Dreyer & Reinbold Racing is an automotive racing organization that competes in the IndyCar Series and Nitro Rallycross. The team is owned by Indianapolis BMW, Infiniti, Volkswagen, MINI, and Subaru dealer Dennis Reinbold.

Off the track, Dreyer & Reinbold Racing (DRR) have spent thousands of hours as the national spokesperson & advocate for "Racing for Kids," a national youth charitable foundation. On behalf of "Racing for Kids," DRR has visited more than 20,000 children in over 400 hospitals worldwide and raised nearly $5 million for local children's health initiatives.

IndyCar history

2000–2006
Founded in 2000, DRR was one of the few teams that consistently ran the Infiniti engine until they left the series, then switched to Chevrolet and finally to Honda in 2005. When Buhl retired from the cockpit in 2004, he placed Felipe Giaffone in the cockpit, followed by Roger Yasukawa with financial backing from Honda. With Honda backing gone for 2006, some doubted if the team would continue, as Buhl had consistently stated that if running the team did not make financial sense, he would shut it down. However, sponsorship was found and the team named 2000 series champion Buddy Lazier their primary driver. In 2002 the team ran a second car for Sarah Fisher, who became the first woman in North American motorsports history to win the pole position for a major-league open-wheel race, earning the pole at Kentucky Speedway. In the 2006 Indianapolis 500, the team's second car was driven by Al Unser Jr.

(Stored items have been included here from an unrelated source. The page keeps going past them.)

(* Let $V'$ be an immediate extension of a valuation ring $V$, $K\subset K'$ their fraction field extension, $v=(v_j)_{j<\lambda}$ a pseudo-convergent sequence in $V$ which is not fundamental and has a pseudo limit $x$ in $V'$, but having no pseudo limit in $K$, and suppose $K'=K(x)$. Assume $x$ is transcendental over $K$ and either $\dim V=1$, or $V$ is Henselian. If $v$ is algebraic then $V'$ is not a filtered union of its localizations of polynomial $V$-subalgebras in one variable.
   Context: $\mathrm{val}$ is the valuation. $v$ is pseudo convergent if $\mathrm{val}(v_i-v_{i''})<\mathrm{val}(v_{i'}-v_{i''})$ for $i<i'<i''<\lambda$; $x$ is a pseudo limit if $\mathrm{val}(x-v_i)=\mathrm{val}(v_i-v_{i'})$ for $i<i'<\lambda$; $v$ is fundamental if for every $\gamma$ in the value group, $\mathrm{val}(v_i-v_{i'})>\gamma$ for large $i<i'$; $v$ is algebraic if some $f\in V[T]$ satisfies $\mathrm{val}(f(v_i))<\mathrm{val}(f(v_{i'}))$ for large enough $i<i'<\lambda$. *)

(* Valuation rings are represented as subsets (Prop predicates)
   of an ambient field K'. *)
From mathcomp Require Import all_boot all_order all_algebra.
Set Implicit Arguments. Unset Strict Implicit. Unset Printing Implicit Defensive.
Import GRing.Theory.
Local Open Scope ring_scope.

Section Defs.
Variable F : fieldType.
Implicit Types (R K P Q S A : F -> Prop).

Definition subset_of P Q := forall z, P z -> Q z.
Definition strict_subset P Q := subset_of P Q /\ exists z, Q z /\ ~ P z.

Definition is_subfield K :=
  K 0 /\ K 1 /\ (forall a b, K a -> K b -> K (a - b)) /\
  (forall a b, K a -> K b -> K (a * b)) /\ (forall a, K a -> K a^-1).

Definition is_subring R :=
  R 1 /\ (forall a b, R a -> R b -> R (a - b)) /\
  (forall a b, R a -> R b -> R (a * b)).

Definition is_valring R :=
  is_subring R /\ forall z, z != 0 -> R z \/ R z^-1.

(* the valuation ring V = V' ∩ K of K *)
Definition Vof K R : F -> Prop := fun z => K z /\ R z.

Definition unit_in R z := z != 0 /\ R z /\ R z^-1.
Definition maxideal R z := R z /\ ~ unit_in R z.

(* valuation comparison induced by the valuation ring R:
   val a <= val b  iff  a divides b in R  (val 0 = +oo) *)
Definition vle R a b := exists c, R c /\ b = a * c.
Definition vlt R a b := vle R a b /\ ~ vle R b a.
Definition veq R a b := vle R a b /\ vle R b a.

(* V' (valuation ring of F) is an immediate extension of V = V' ∩ K
   (K the fraction field of V): same value group and same residue field *)
Definition immediate K R :=
  (forall z, z != 0 -> exists a, K a /\ a != 0 /\ unit_in R (z / a)) /\
  (forall z, R z -> exists a, Vof K R a /\ maxideal R (z - a)).

Definition limit_ordinal (I : Type) (lt : I -> I -> Prop) :=
  (forall i, ~ lt i i) /\ (forall i j k, lt i j -> lt j k -> lt i k) /\
  (forall i j, lt i j \/ i = j \/ lt j i) /\ well_founded lt /\
  (exists i : I, True) /\ (forall i, exists j, lt i j).

Definition ole (I : Type) (lt : I -> I -> Prop) i j := i = j \/ lt i j.

Definition pseudo_convergent R (I : Type) (lt : I -> I -> Prop) (v : I -> F) :=
  forall i i' i'', lt i i' -> lt i' i'' -> vlt R (v i - v i'') (v i' - v i'').

Definition pseudo_limit R (I : Type) (lt : I -> I -> Prop) (v : I -> F) x :=
  forall i i', lt i i' -> veq R (x - v i) (v i - v i').

(* fundamental: for every gamma = val c in the value group of V (c in K^x),
   val (v_i - v_i') > gamma for large i < i' *)
Definition fundamental K R (I : Type) (lt : I -> I -> Prop) (v : I -> F) :=
  forall c, K c -> c != 0 -> exists i0, forall i i', ole lt i0 i -> lt i i' ->
    vlt R c (v i - v i').

Definition algebraic_seq V R (I : Type) (lt : I -> I -> Prop) (v : I -> F) :=
  exists f : {poly F}, (forall n, V f`_n) /\
    exists i0, forall i i', ole lt i0 i -> lt i i' -> vlt R f.[v i] f.[v i'].

Definition transcendental_over K x :=
  forall p : {poly F}, (forall n, K p`_n) -> p.[x] = 0 -> p = 0.

Definition generated_by K x :=
  forall z, exists p q : {poly F}, (forall n, K p`_n) /\ (forall n, K q`_n) /\
    q.[x] != 0 /\ z = p.[x] / q.[x].

Definition prime_ideal R P :=
  subset_of P R /\ P 0 /\ (forall a b, P a -> P b -> P (a + b)) /\
  (forall a b, R a -> P b -> P (a * b)) /\ ~ P 1 /\
  (forall a b, R a -> R b -> P (a * b) -> P a \/ P b).

Definition krull_dim1 R :=
  (exists P Q, prime_ideal R P /\ prime_ideal R Q /\ strict_subset P Q) /\
  ~ (exists P Q S, prime_ideal R P /\ prime_ideal R Q /\ prime_ideal R S /\
       strict_subset P Q /\ strict_subset Q S).

Definition henselian R :=
  forall f : {poly F}, (forall n, R f`_n) -> f \is monic ->
  forall a, R a -> maxideal R f.[a] -> unit_in R (f^`()).[a] ->
  exists b, R b /\ f.[b] = 0 /\ maxideal R (b - a).

Definition Valg V y z := exists p : {poly F}, (forall n, V p`_n) /\ z = p.[y].

Definition loc_poly_subalg V A :=
  exists y, (forall p : {poly F}, (forall n, V p`_n) -> p.[y] = 0 -> p = 0) /\
  exists S, subset_of S (Valg V y) /\ S 1 /\ ~ S 0 /\
    (forall a b, S a -> S b -> S (a * b)) /\
    (forall z, A z <-> exists f s, Valg V y f /\ S s /\ z = f / s).

Definition filtered_union_loc_poly V R :=
  exists (J : Type) (A : J -> F -> Prop),
    (exists j : J, True) /\ (forall j, loc_poly_subalg V (A j)) /\
    (forall j1 j2, exists k, subset_of (A j1) (A k) /\ subset_of (A j2) (A k)) /\
    (forall z, R z <-> exists j, A j z).

End Defs.

From mathcomp Require Import all_boot all_order all_algebra.
From Stdlib Require Import Classical.
From mathcomp Require Import ring.
Set Implicit Arguments. Unset Strict Implicit. Unset Printing Implicit Defensive.
Import GRing.Theory.
Local Open Scope ring_scope.

(* If V' were a filtered union of localizations S^-1 V[y], then x and any
   z = Z1(x)/Z2(x) in V' would lie in one of them: x = g(y)/s(y) and
   z = g1(y)/s1(y) with s1(y) a unit of V'.  As y lies in K(x) and x in K(y),
   with x transcendental, y = M(x) for a Moebius map M with coefficients in K
   (write y = P(x)/Q(x) in lowest terms and compare x s(P/Q) = g(P/Q) modulo
   P and Q).  Since v has no pseudo limit in K, the values M(v_i) eventually
   approach y with val (y - M(v_i)) > 0, so s1(M(v_i)) stays a unit and the
   identity Z1 s1(M) = Z2 g1(M), which holds identically by transcendence,
   gives Z1(v_i)/Z2(v_i) in V' for large i.  For the polynomial f witnessing
   that v is algebraic, applying this to f(x)/a (a in K of the same value as
   f(x)) and then to f(v_j)/f(x) bounds val f(v_i) from above, against its
   strict increase. *)

Section Subring.
Variables (F : fieldType) (S : F -> Prop).
Hypothesis HS : is_subring S.

Lemma subring1 : S 1.
Proof. by case: HS. Qed.

Lemma subringB a b : S a -> S b -> S (a - b).
Proof. by move: HS => [_ [hB _]]; apply: hB. Qed.

Lemma subringM a b : S a -> S b -> S (a * b).
Proof. by move: HS => [_ [_ hM]]; apply: hM. Qed.

Lemma subring0 : S 0.
Proof. by rewrite -(subrr 1); apply: subringB; apply: subring1. Qed.

Lemma subringN a : S a -> S (- a).
Proof. by move=> Sa; rewrite -sub0r; apply: subringB => //; apply: subring0. Qed.

Lemma subringD a b : S a -> S b -> S (a + b).
Proof. by move=> Sa Sb; rewrite -(opprK b); apply: subringB => //; apply: subringN. Qed.

Lemma subringX a n : S a -> S (a ^+ n).
Proof.
move=> Sa; elim: n => [|n IH]; first by rewrite expr0; apply: subring1.
by rewrite exprS; apply: subringM.
Qed.

Lemma subring_sum (J : Type) (r : seq J) (P : pred J) (G : J -> F) :
  (forall j, P j -> S (G j)) -> S (\sum_(j <- r | P j) G j).
Proof. by move=> SG; apply: (big_ind S) => //; [apply: subring0 | apply: subringD]. Qed.

Definition coefs_in (p : {poly F}) := forall n, S p`_n.

Lemma coefs_inC c : S c -> coefs_in c%:P.
Proof. by move=> Sc n; rewrite coefC; case: ifP => _ //; apply: subring0. Qed.

Lemma coefs_inX : coefs_in 'X.
Proof. by move=> n; rewrite coefX; case: (n == 1)%N; [apply: subring1 | apply: subring0]. Qed.

Lemma coefs_inD p q : coefs_in p -> coefs_in q -> coefs_in (p + q).
Proof. by move=> Sp Sq n; rewrite coefD; apply: subringD. Qed.

Lemma coefs_inB p q : coefs_in p -> coefs_in q -> coefs_in (p - q).
Proof. by move=> Sp Sq n; rewrite coefB; apply: subringB. Qed.

Lemma coefs_inZ c p : S c -> coefs_in p -> coefs_in (c *: p).
Proof. by move=> Sc Sp n; rewrite coefZ; apply: subringM. Qed.

Lemma coefs_inM p q : coefs_in p -> coefs_in q -> coefs_in (p * q).
Proof. by move=> Sp Sq n; rewrite coefM; apply: subring_sum => i _; apply: subringM. Qed.

Lemma coefs_inXn p n : coefs_in p -> coefs_in (p ^+ n).
Proof.
move=> Sp; elim: n => [|n IH]; first by rewrite expr0; apply: coefs_inC; apply: subring1.
by rewrite exprS; apply: coefs_inM.
Qed.
(* In the basis (f, g) <-> f(d^2) + d g(d^2), the elements L_0, G_0 and I_{1/2}
   act by (f, g) |-> (X f, X g), by (f, g) |-> (X g, f), and by the translation
   X |-> X + 1/2 with factor -2 t lambda^{1/2} alpha on the even part and
   t lambda^{1/2} (1 - 2 alpha) on the odd part.  A subspace of C[X] containing
   a nonzero polynomial and stable under multiplication by X and under a
   nonzero translation is all of C[X].  Hence a nonzero submodule contains the
   whole even part when alpha <> 0 and the whole odd part when alpha <> 1/2,
   and G_0 moves between the two parts.
   For alpha = 0 every submodule thus contains Upsilon, which has codimension
   one and contains the image of every element of T.  Multiplication by d maps
   Pi(M_{-t}(lambda, 1/2)) isomorphically onto Upsilon in M_t(lambda, 0). *)
From HB Require Import structures.
From mathcomp Require Import all_boot all_order all_algebra.
From mathcomp Require Import complex reals.
From mathcomp Require Import ring.
Import Order.TTheory GRing.Theory Num.Theory.
Local Open Scope ring_scope.
Set Implicit Arguments. Unset Strict Implicit. Unset Printing Implicit Defensive.

Lemma dvdp_Xl (R : idomainType) (p : {poly R}) : ('X %| p) = root p 0.
Proof. by rewrite -dvdp_XsubCl polyC0 subr0. Qed.

Lemma size_sub_lead_lt (R : nzRingType) (p q : {poly R}) : p != 0 ->
  size q = size p -> lead_coef q = lead_coef p -> (size (q - p)%R < size p)%N.
Proof.
move=> p0 sqp lqp; have sp : (0 < size p)%N by rewrite size_poly_gt0.
rewrite -(prednK sp) ltnS; apply/leq_sizeP => j; rewrite leq_eqVlt coefB.
case/predU1P => [<-|]; first by move: lqp; rewrite /lead_coef sqp => ->; rewrite subrr.
by rewrite prednK // => lt_pj; rewrite !nth_default ?subrr ?sqp.
Qed.

Section Shift.
Variable C : fieldType.
Implicit Types (f : {poly C}) (c : C).

Lemma shiftp0 f : shiftp f 0 = f.
Proof. by rewrite /shiftp addr0 comp_polyXr. Qed.

Lemma horner_shiftp f c x : (shiftp f c).[x] = f.[x + c].
Proof. by rewrite /shiftp horner_comp !hornerE. Qed.

Lemma size_shiftp f c : size (shiftp f c) = size f.
Proof. by rewrite /shiftp size_comp_poly2 // size_XaddC. Qed.

Lemma lead_coef_shiftp f c : lead_coef (shiftp f c) = lead_coef f.
Proof. by rewrite /shiftp lead_coef_comp ?size_XaddC // lead_coefXaddC expr1n mulr1. Qed.

Lemma size_shiftp_sub_lt f c : f != 0 -> (size (shiftp f c - f)%R < size f)%N.
Proof. by move=> f0; rewrite size_sub_lead_lt ?size_shiftp ?lead_coef_shiftp. Qed.

Lemma shiftpXl f c : shiftp ('X * f) c = ('X + c%:P) * shiftp f c.
Proof. by rewrite /shiftp comp_polyM comp_polyX. Qed.
End Shift.

Section ShiftCharZero.
Variable C : numFieldType.
Implicit Types (f g h : {poly C}) (c : C).

(* [f] takes the value [f.[0]] at the points [c *+ n], which are pairwise
   distinct since [C] has characteristic 0. *)
Lemma shiftp_fixed_constant f c : c != 0 -> shiftp f c = f -> f = (f.[0])%:P.
Proof.
move=> c0 fixf; apply/eqP; rewrite -subr_eq0; apply/eqP.
set g := f - _; pose rs := [seq c *+ n | n <- iota 0 (size g)].
have f_cn n : f.[c *+ n] = f.[0].
  by elim: n => // n IHn; rewrite -IHn -{2}fixf horner_shiftp mulrSr.
apply: (roots_geq_poly_eq0 (rs := rs)); last by rewrite size_map size_iota.
- by apply/allP => _ /mapP [n _ ->]; rewrite /root /g !hornerE f_cn subrr.
- rewrite map_inj_uniq ?iota_uniq // => m n.
  by rewrite -!(mulr_natr c) => /(mulfI c0)/eqP; rewrite eqr_nat => /eqP.
Qed.
Lemma sum_cos_sin_dir_angle :
  sum_f_R0 (fun j => cos (dir_angle j)) (N - 1) = 0 /\
  sum_f_R0 (fun j => sin (dir_angle j)) (N - 1) = 0.
Proof.
  assert (Hclosed : vtx N y (S (N - 1)) = vtx N y O).
  { replace (S (N - 1)) with (O + N)%nat by lia. apply vtx_add_N. lia. }
  split; apply (Rmult_eq_reg_l l); try lra; rewrite Rmult_0_r, scal_sum.
  - rewrite (sum_eq _ (fun j => fst (vtx N y (S j)) - fst (vtx N y j)))
      by (intros j _; rewrite (proj1 (vtx_step j)); ring).
    rewrite (sum_f_R0_telescope (fun k => fst (vtx N y k))), Hclosed. ring.
  - rewrite (sum_eq _ (fun j => snd (vtx N y (S j)) - snd (vtx N y j)))
      by (intros j _; rewrite (proj2 (vtx_step j)); ring).
    rewrite (sum_f_R0_telescope (fun k => snd (vtx N y k))), Hclosed. ring.
Qed.

Lemma sum_sin_cos_dir_angle_sub (w : R) :
  sum_f_R0 (fun j => sin (dir_angle j - w)) (N - 1) = 0 /\
  sum_f_R0 (fun j => cos (dir_angle j - w)) (N - 1) = 0.
Proof.
  destruct sum_cos_sin_dir_angle as [Hc Hs]. split.
  - rewrite (sum_eq _ (fun j => 0 + cos w * sin (dir_angle j) + (- sin w) * cos (dir_angle j)))
      by (intros j _; rewrite sin_minus; ring).
    rewrite sum_f_R0_affine, Hc, Hs. ring.
  - rewrite (sum_eq _ (fun j => 0 + cos w * cos (dir_angle j) + sin w * sin (dir_angle j)))
      by (intros j _; rewrite cos_minus; ring).
    rewrite sum_f_R0_affine, Hc, Hs. ring.
Qed.

Lemma cos_total_turning : cos (dir_angle N - dir_angle O) = 1.
Proof.
  assert (H1 : vtx N y (S N) = vtx N y 1) by exact (vtx_add_N N y 1 HN).
  assert (H0 : vtx N y N = vtx N y O) by exact (vtx_add_N N y O HN).
  destruct (vtx_step N) as [HxN HyN]. destruct (vtx_step O) as [Hx0 Hy0].
  rewrite H1, H0 in HxN, HyN.
  assert (Hc : cos (dir_angle N) = cos (dir_angle O)) by (apply (Rmult_eq_reg_l l); lra).
  assert (Hs : sin (dir_angle N) = sin (dir_angle O)) by (apply (Rmult_eq_reg_l l); lra).
  rewrite cos_minus, Hc, Hs, <- cos2_plus_sin2 with (x := dir_angle O). ring.
Qed.

Lemma D2_turning :
  D2 N y = sum_f_R0 (fun j => 2 * l * cos (Rabs (turning j) / 2)) (N - 1).
Proof.
  apply sum_eq. intros j _.
  destruct (vtx_step j) as [Hx0 Hy0]. destruct (vtx_step (S j)) as [Hx1 Hy1].
  replace (dir_angle (S j)) with (dir_angle j + turning j) in Hx1, Hy1
    by (unfold turning; ring).
  assert (Heven : cos (Rabs (turning j) / 2) = cos (turning j / 2)).
  { unfold Rabs; destruct (Rcase_abs (turning j)); [|reflexivity].
    rewrite <- cos_neg. f_equal. field. }
  rewrite Heven. replace (j + 2)%nat with (S (S j)) by lia.
  apply (dist2_two_steps _ _ l (dir_angle j)); [lra | apply turning_bound | lra | lra].
Qed.
(* Let $F\in SL(d,\mathbb{Z})$ be partially hyperbolic with invariant splitting $\mathbb{R}^d=S\oplus C\oplus U$. Then $F$ is Katznelson irreducible (i.e. $C\cap\mathbb{Z}^d=\{0\}$) if and only if there is no non-constant factor $\eta(x)\in\mathbb{Q}[x]$ of the characteristic polynomial of $F$ all of whose roots are eigenvalues of $F|_C$.
   Context: Partial hyperbolicity of $F$ with respect to the $F$-invariant linear splitting $S\oplus C\oplus U$: for some metric, $\|F|_S\|<1$, $m(F|_U)>1$, $\|F|_S\|<m(F|_C)$, $m(F|_U)>\|F|_C\|$, where $m$ denotes the conorm. *)

From HB Require Import structures.
From mathcomp Require Import all_boot all_order all_algebra.
From mathcomp Require Import classical_sets reals constructive_ereal ereal.
From mathcomp.real_closed Require Import complex.

Set Implicit Arguments.
Unset Strict Implicit.
Unset Printing Implicit Defensive.

Import Order.TTheory GRing.Theory Num.Theory.
Local Open Scope ring_scope.
Local Open Scope classical_set_scope.

(* Vectors of R^d are row vectors 'rV[R]_d; a linear subspace of R^d is
   represented by the row space of a matrix V : 'M[R]_d (mxalgebra).
   A matrix A : 'M_d acts as the linear map v |-> A v on column vectors,
   i.e. on row vectors as v |-> v *m A^T. *)

Section Defs.
Variable R : realType.
Variable d : nat.

Definition int_to_real_mx m n (M : 'M[int]_(m, n)) : 'M[R]_(m, n) :=
  map_mx (fun z : int => z%:~R) M.

Definition lin_apply (A : 'M[R]_d) (v : 'rV[R]_d) : 'rV[R]_d := v *m A^T.

Definition mx_invariant (A : 'M[R]_d) (V : 'M[R]_d) : bool := stablemx V A^T.

Definition invariant_splitting (A S C U : 'M[R]_d) : Prop :=
  [/\ mx_invariant A S, mx_invariant A C, mx_invariant A U,
      (S + C + U == 1%:M)%MS & mxdirect (S + C + U)].

(* a metric on R^d: an inner product <u,v> = u Q v^T, Q symmetric positive definite *)
Definition inner_product_mx (Q : 'M[R]_d) : Prop :=
  Q^T = Q /\ forall v : 'rV[R]_d, v != 0 -> 0 < (v *m Q *m v^T) 0 0.

Definition qnorm (Q : 'M[R]_d) (v : 'rV[R]_d) : R :=
  Num.sqrt ((v *m Q *m v^T) 0 0).

Definition unit_sphere (Q V : 'M[R]_d) : set 'rV[R]_d :=
  [set v | (v <= V)%MS /\ qnorm Q v = 1].

(* operator norm ||A|_V|| = sup_{v in V, |v| = 1} |A v|  (= -oo if V = 0) *)
Definition restr_norm (Q A V : 'M[R]_d) : \bar R :=
  ereal_sup [set (qnorm Q (lin_apply A v))%:E | v in unit_sphere Q V].

(* conorm m(A|_V) = inf_{v in V, |v| = 1} |A v|  (= +oo if V = 0) *)
Definition restr_conorm (Q A V : 'M[R]_d) : \bar R :=
  ereal_inf [set (qnorm Q (lin_apply A v))%:E | v in unit_sphere Q V].

Definition partially_hyperbolic (A S C U : 'M[R]_d) : Prop :=
  invariant_splitting A S C U /\
  exists Q : 'M[R]_d, inner_product_mx Q /\
    [/\ (restr_norm Q A S < 1%:E)%E,
        (1%:E < restr_conorm Q A U)%E,
        (restr_norm Q A S < restr_conorm Q A C)%E &
        (restr_norm Q A C < restr_conorm Q A U)%E].

Definition katznelson_irreducible (C : 'M[R]_d) : Prop :=
  forall z : 'rV[int]_d, (int_to_real_mx z <= C)%MS -> z = 0.

(* lambda in C is an eigenvalue of A|_V (restriction to V, complexified) *)
Definition restr_eigenvalue (A V : 'M[R]_d) (lambda : complex R) : Prop :=
  exists w : 'rV[complex R]_d,
    [/\ w != 0,
        (w <= map_mx (real_complex R) V)%MS &
        w *m (map_mx (real_complex R) A)^T = lambda *: w].

End Defs.

Definition char_poly_Q d (F : 'M[int]_d) : {poly rat} :=
  char_poly (map_mx (fun z : int => z%:~R) F : 'M[rat]_d).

The team's only win came in their debut race, 2000 IRL season opener at Walt Disney World Speedway when Buhl stunned the series with a win from the 22nd starting position. In 2006 the team scored their best finish in years when Ryan Briscoe showed a great turn of speed in the wet at Watkins Glen International to get on the podium. During that time, other good results in the season were few and far between.

2007–2009
For 2007, the team recruited two ex-Fernandez Racing engineers and added a new sponsor. On January 31, 2007, 2004 Indianapolis 500 winner Buddy Rice and  Sarah Fisher would drive for the team.  Rice brought in respectable performances, finishing 9th in points with three top-five finishes. Fisher struggled to 17th place in points after playing second fiddle to the "A Team" often being given less than par equipment.  Fisher announced in late 2007 that she would leave the team due to a lack of commitment from the team to her efforts.

Rice returned to the team in 2008 while the team's second car was shared by Milka Duno and Townsend Bell, with all three drivers competing in the 2008 Indianapolis 500. Both Rice and Bell finished in the top-10 (8th and 10th respectively) while Duno finished 19th in the race. Rice finished 16th in points with a best finish of fourth at Watkins Glen.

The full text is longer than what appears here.